Task instructions:
Going line by line through the data below, report how many lines include the word "XAinv", with nothing added.

(Items from a data source)

BEGIN

(* Let $1\le\ell_1\le\dots\le\ell_r\le n$, $K\in B(\varpi_{\ell_r})\otimes\cdots\otimes B(\varpi_{\ell_1})$, $\ell\in[n]$ with $\ell\ge\ell_r$, and $j\in[n-1]$. Then $$tT_j^{-1}\sum_{C\in B(\varpi_\ell)}X^C\Psi_{C\otimes K}=\sum_{D\in B(\varpi_\ell)}X^Df_{D,K},\qquad T_j\sum_{C\in B(\varpi_\ell)}X^C\Psi_{C\otimes K}=\sum_{D\in B(\varpi_\ell)}X^Dg_{D,K},$$ where $$f_{D,K}=\begin{cases}tT_j^{-1}\Psi_{s_jD\otimes K},& s_jD\le D,\\ T_j\Psi_{s_jD\otimes K}+(1-t)\Psi_{D\otimes K},& s_jD\ge D,\end{cases}\qquad g_{D,K}=\begin{cases}tT_j^{-1}\Psi_{s_jD\otimes K}-(1-t)\Psi_{D\otimes K},& s_jD\le D,\\ T_j\Psi_{s_jD\otimes K},& s_jD\ge D\end{cases}$$ (the two cases agree when $s_jD=D$).
   Context: Fix $n\ge1$, $[n]=\{1,\dots,n\}$. $S_n$ with simple transpositions $s_i$ and length $\ell(\cdot)$ acts on $\mathbb Z^n$ by permuting coordinates; $\varpi_k=\varepsilon_1+\dots+\varepsilon_k$; $S_{n,\lambda}$ is the stabilizer of $\lambda$. The affine Hecke algebra $H$ is the $\mathbb Z[t^{\pm1}]$-algebra with generators $T_1,\dots,T_{n-1},X_1^{\pm1},\dots,X_n^{\pm1}$ and relations $T_i^2=(t-1)T_i+t$, $T_iT_{i+1}T_i=T_{i+1}T_iT_{i+1}$, $T_iT_j=T_jT_i$ ($|i-j|>1$), $X_iX_j=X_jX_i$, $T_iX_iT_i=tX_{i+1}$, $T_iX_j=X_jT_i$ ($j\notin\{i,i+1\}$); $tT_i^{-1}=T_i+1-t$. $T_w$ via reduced words; $H_n=\mathrm{span}\{T_w\}$, $H_{n,\lambda}=\mathrm{span}\{T_w:w\in S_{n,\lambda}\}$, $\mathbf 1_\lambda=\sum_{w\in S_{n,\lambda}}T_w$. Columns: $B(\varpi_\ell)$ is the set of $C=(c_1<\dots<c_\ell)\subseteq[n]$; order $E\le F$ iff $e_i\le f_i$ for all $i$; $s_jC$ is the column whose underlying set is the image of $C$ under $(j,j+1)$; $X^C=\prod_{c\in C}X_c$; $u_C\in S_n$ sends $k\mapsto c_k$ ($k\le\ell$) and $\ell+1,\dots,n$ increasingly onto $[n]\setminus C$. $B(\varpi_{\ell_r})\otimes\cdots\otimes B(\varpi_{\ell_1})$ is the set of sequences $C_r\otimes\cdots\otimes C_1$, $C_i\in B(\varpi_{\ell_i})$; $C\otimes K$ prepends a column. $\Psi$: each $h\in H_n$ is uniquely $\sum_{F\in B(\varpi_\ell)}T_{u_F}h_F$, $h_F\in H_{n,\varpi_\ell}$. $\Psi_C=t^{\ell(u_C)}(T_{u_C^{-1}})^{-1}\mathbf 1_{\varpi_\ell}$ for $C\in B(\varpi_\ell)$; for $T=C\otimes S$ ($C\in B(\varpi_\ell)$, $S$ with columns of length $\le\ell$), write $\Psi_S=\sum_ET_{u_E}h_{E,S}$ ($h_{E,S}\in H_{n,\varpi_\ell}$) and set $\Psi_T=t^{\ell(u_C)}(T_{u_C^{-1}})^{-1}h_{C,S}$. *)

(* Conventions: 0-based indices. The paper's X_i (i in [n]) is
   XA (i-1); the paper's T_j / s_j (j in [n-1]) is TA (j-1) / sp (j-1), which
   swaps positions j-1 and j of 'I_n. *)
From HB Require Import structures.
From mathcomp Require Import all_boot all_order all_fingroup all_algebra.
Set Implicit Arguments. Unset Strict Implicit. Unset Printing Implicit Defensive.
Import Order.TTheory GRing.Theory.
Local Open Scope ring_scope.

Section Hecke.
Variable n : nat.

(* u o v as functions:  (u o v) x = u (v x). *)
Definition pcomp (u v : 'S_n) : 'S_n := (v * u)%g.

Definition perm_of (f : nat -> nat) : 'S_n :=
  odflt 1%g [pick w : 'S_n | [forall x : 'I_n, val (w x) == f (val x)]].

Definition swapnat (i k : nat) : nat :=
  if k == i then i.+1 else if k == i.+1 then i else k.

Definition sp (i : nat) : 'S_n := perm_of (swapnat i).

Definition len (w : 'S_n) : nat :=
  #|[set p : 'I_n * 'I_n | (p.1 < p.2)%N && (w p.2 < w p.1)%N]|.

(* a reduced word [i1; ...; ik] with w = s_i1 o ... o s_ik *)
Fixpoint rword_rec (fuel : nat) (w : 'S_n) : seq nat :=
  match fuel with
  | 0 => [::]
  | f.+1 =>
    match [pick p : 'I_n * 'I_n | (val p.2 == (val p.1).+1) && (w p.2 < w p.1)%N] with
    | Some p => rcons (rword_rec f (pcomp w (sp (val p.1)))) (val p.1)
    | None => [::]
    end
  end.
Definition rword (w : 'S_n) : seq nat := rword_rec (len w) w.

Definition colset (C : {set 'I_n}) (l : nat) : bool := #|C| == l.
Definition leC (E F : {set 'I_n}) : bool :=
  all2 (fun e f : 'I_n => (e <= f)%N) (enum E) (enum F).
Definition sC (j : nat) (C : {set 'I_n}) : {set 'I_n} := (sp j) @: C.
(* u_C : k |-> c_k (k < |C|), remaining positions increasingly onto the complement *)
Definition uC (C : {set 'I_n}) : 'S_n :=
  perm_of (fun k => nth 0%N (map val (enum C ++ enum (~: C))) k).
Definition stab (l : nat) (w : 'S_n) : bool :=
  [forall x : 'I_n, (x < l)%N == (w x < l)%N].

Variable R : comUnitRingType.
Variable t : R.

(* finite Hecke algebra H_n, elements written in the basis T_w: h = sum_w h w T_w *)
Local Notation HF := {ffun 'S_n -> R^o}.

(* coefficient of T_v in T_i T_w *)
Definition coefTi (i : nat) (w v : 'S_n) : R :=
  let sw := pcomp (sp i) w in
  if (len w < len sw)%N then (v == sw)%:R
  else (t - 1) * (v == w)%:R + t * (v == sw)%:R.

(* left multiplication by T_i, T_i^{-1} = t^{-1}(T_i + 1 - t) *)
Definition TiL (i : nat) (h : HF) : HF :=
  [ffun v => \sum_(w : 'S_n) h w * coefTi i w v].
Definition TinvL (i : nat) (h : HF) : HF := t^-1 *: (TiL i h + (1 - t) *: h).

(* left multiplication by (T_w)^{-1} *)
Definition TinvW (w : 'S_n) (h : HF) : HF :=
  foldr TinvL h (rev (rword w)).

Definition oneL (l : nat) : HF := [ffun w => (stab l w)%:R].

(* h_E for h = sum_F T_{u_F} h_F, with h_F in H_{n,varpi_l}, l = |E| *)
Definition hproj (E : {set 'I_n}) (h : HF) : HF :=
  [ffun v => if stab #|E| v then h (pcomp (uC E) v) else 0].

(* Psi_T for T = C_r (x) ... (x) C_1, written as the list [:: C_r; ...; C_1] *)
Fixpoint Psi (T : seq {set 'I_n}) : HF :=
  match T with
  | [::] => 0
  | C :: Sq =>
    if Sq is [::] then t ^+ len (uC C) *: TinvW (uC C)^-1%g (oneL #|C|)
    else t ^+ len (uC C) *: TinvW (uC C)^-1%g (hproj C (Psi Sq))
  end.

(* an R-algebra A with elements satisfying the defining relations of H
   (0-based: TA i for i.+1 < n, XA i and XAinv i for i < n) *)
Definition hecke_rels (A : algType R) (TA XA XAinv : nat -> A) : Prop :=
  (forall i, (i.+1 < n)%N -> TA i * TA i = (t - 1) *: TA i + t%:A) /\
     (
      forall i, (i.+2 < n)%N -> TA i * TA i.+1 * TA i = TA i.+1 * TA i * TA i.+1) /\
     (
      forall i k, (i.+1 < n)%N -> (k.+1 < n)%N -> (i.+1 < k)%N || (k.+1 < i)%N ->
                  TA i * TA k = TA k * TA i) /\
     (
      forall i k, (i < n)%N -> (k < n)%N -> XA i * XA k = XA k * XA i) /\
     (
      forall i, (i < n)%N -> XA i * XAinv i = 1 /\ XAinv i * XA i = 1) /\
     (
      forall i, (i.+1 < n)%N -> TA i * XA i * TA i = t *: XA i.+1) /\
     (
      forall i k, (i.+1 < n)%N -> (k < n)%N -> k != i -> k != i.+1 ->
                  TA i * XA k = XA k * TA i).

Variable A : algType R.
Variable TA XA : nat -> A.

(* image in A of an element of H_n: T_w |-> T_{i1} ... T_{ik} *)
Definition phiA (h : HF) : A := \sum_(w : 'S_n) h w *: \prod_(i <- rword w) TA i.

Definition XC (C : {set 'I_n}) : A := \prod_(c in C) XA c.

(* images of f_{D,K}, g_{D,K}; t T_j^{-1} = T_j + 1 - t *)
Definition fDK (j : nat) (D : {set 'I_n}) (K : seq {set 'I_n}) : A :=
  if leC (sC j D) D then (TA j + (1 - t)%:A) * phiA (Psi (sC j D :: K))
  else TA j * phiA (Psi (sC j D :: K)) + (1 - t) *: phiA (Psi (D :: K)).
Definition gDK (j : nat) (D : {set 'I_n}) (K : seq {set 'I_n}) : A :=
  if leC (sC j D) D then
    (TA j + (1 - t)%:A) * phiA (Psi (sC j D :: K)) - (1 - t) *: phiA (Psi (D :: K))
  else TA j * phiA (Psi (sC j D :: K)).

End Hecke.

From Pilot Require Import Defs.
From HB Require Import structures.
From mathcomp Require Import all_boot all_order all_fingroup all_algebra.
From mathcomp Require Import zify.

Import GRing.Theory.
Local Open Scope ring_scope.
Set Implicit Arguments. Unset Strict Implicit.

(* Among the X_i only X_j and X_{j+1} fail to commute with T_j, and the
   relations T_j^2 = (t-1)T_j + t, T_j X_j T_j = t X_{j+1} give
     T_j X^C = X^{s_jC} T_j + (1-t) ([j in C, j+1 notin C] X^{s_jC}
                                    - [j+1 in C, j notin C] X^C).
   Multiplying sum_C X^C P_C by T_j and reindexing the first two terms along
   the involution C |-> s_jC (which preserves |C|) yields sum_D X^D g_D for an
   arbitrary family P; taking P_C = Psi_{C (x) K} gives the second identity.
   The first follows from t T_j^{-1} = T_j + 1 - t and
   f_{D,K} = g_{D,K} + (1-t) Psi_{D (x) K}. *)

Lemma swapnatK j : involutive (swapnat j).
Proof. by move=> k; rewrite /swapnat; do ! case: eqP; lia. Qed.

Lemma sorted_enum_ord n (E : {set 'I_n}) : sorted (fun a b : 'I_n => (a < b)%N) (enum E).
Proof.
suff : sorted ltn (map val (enum E)) by rewrite sorted_map.
rewrite -[enum _](eq_filter (mem_enum _)) -(eq_filter (mem_map val_inj _)).
by rewrite -filter_map (sorted_filter ltn_trans) // unlock val_ord_enum iota_ltn_sorted.
Qed.

Lemma card_sC n j (D : {set 'I_n}) : #|sC j D| = #|D|.
Proof. by rewrite card_imset //; apply: perm_inj. Qed.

END

Answer space:
3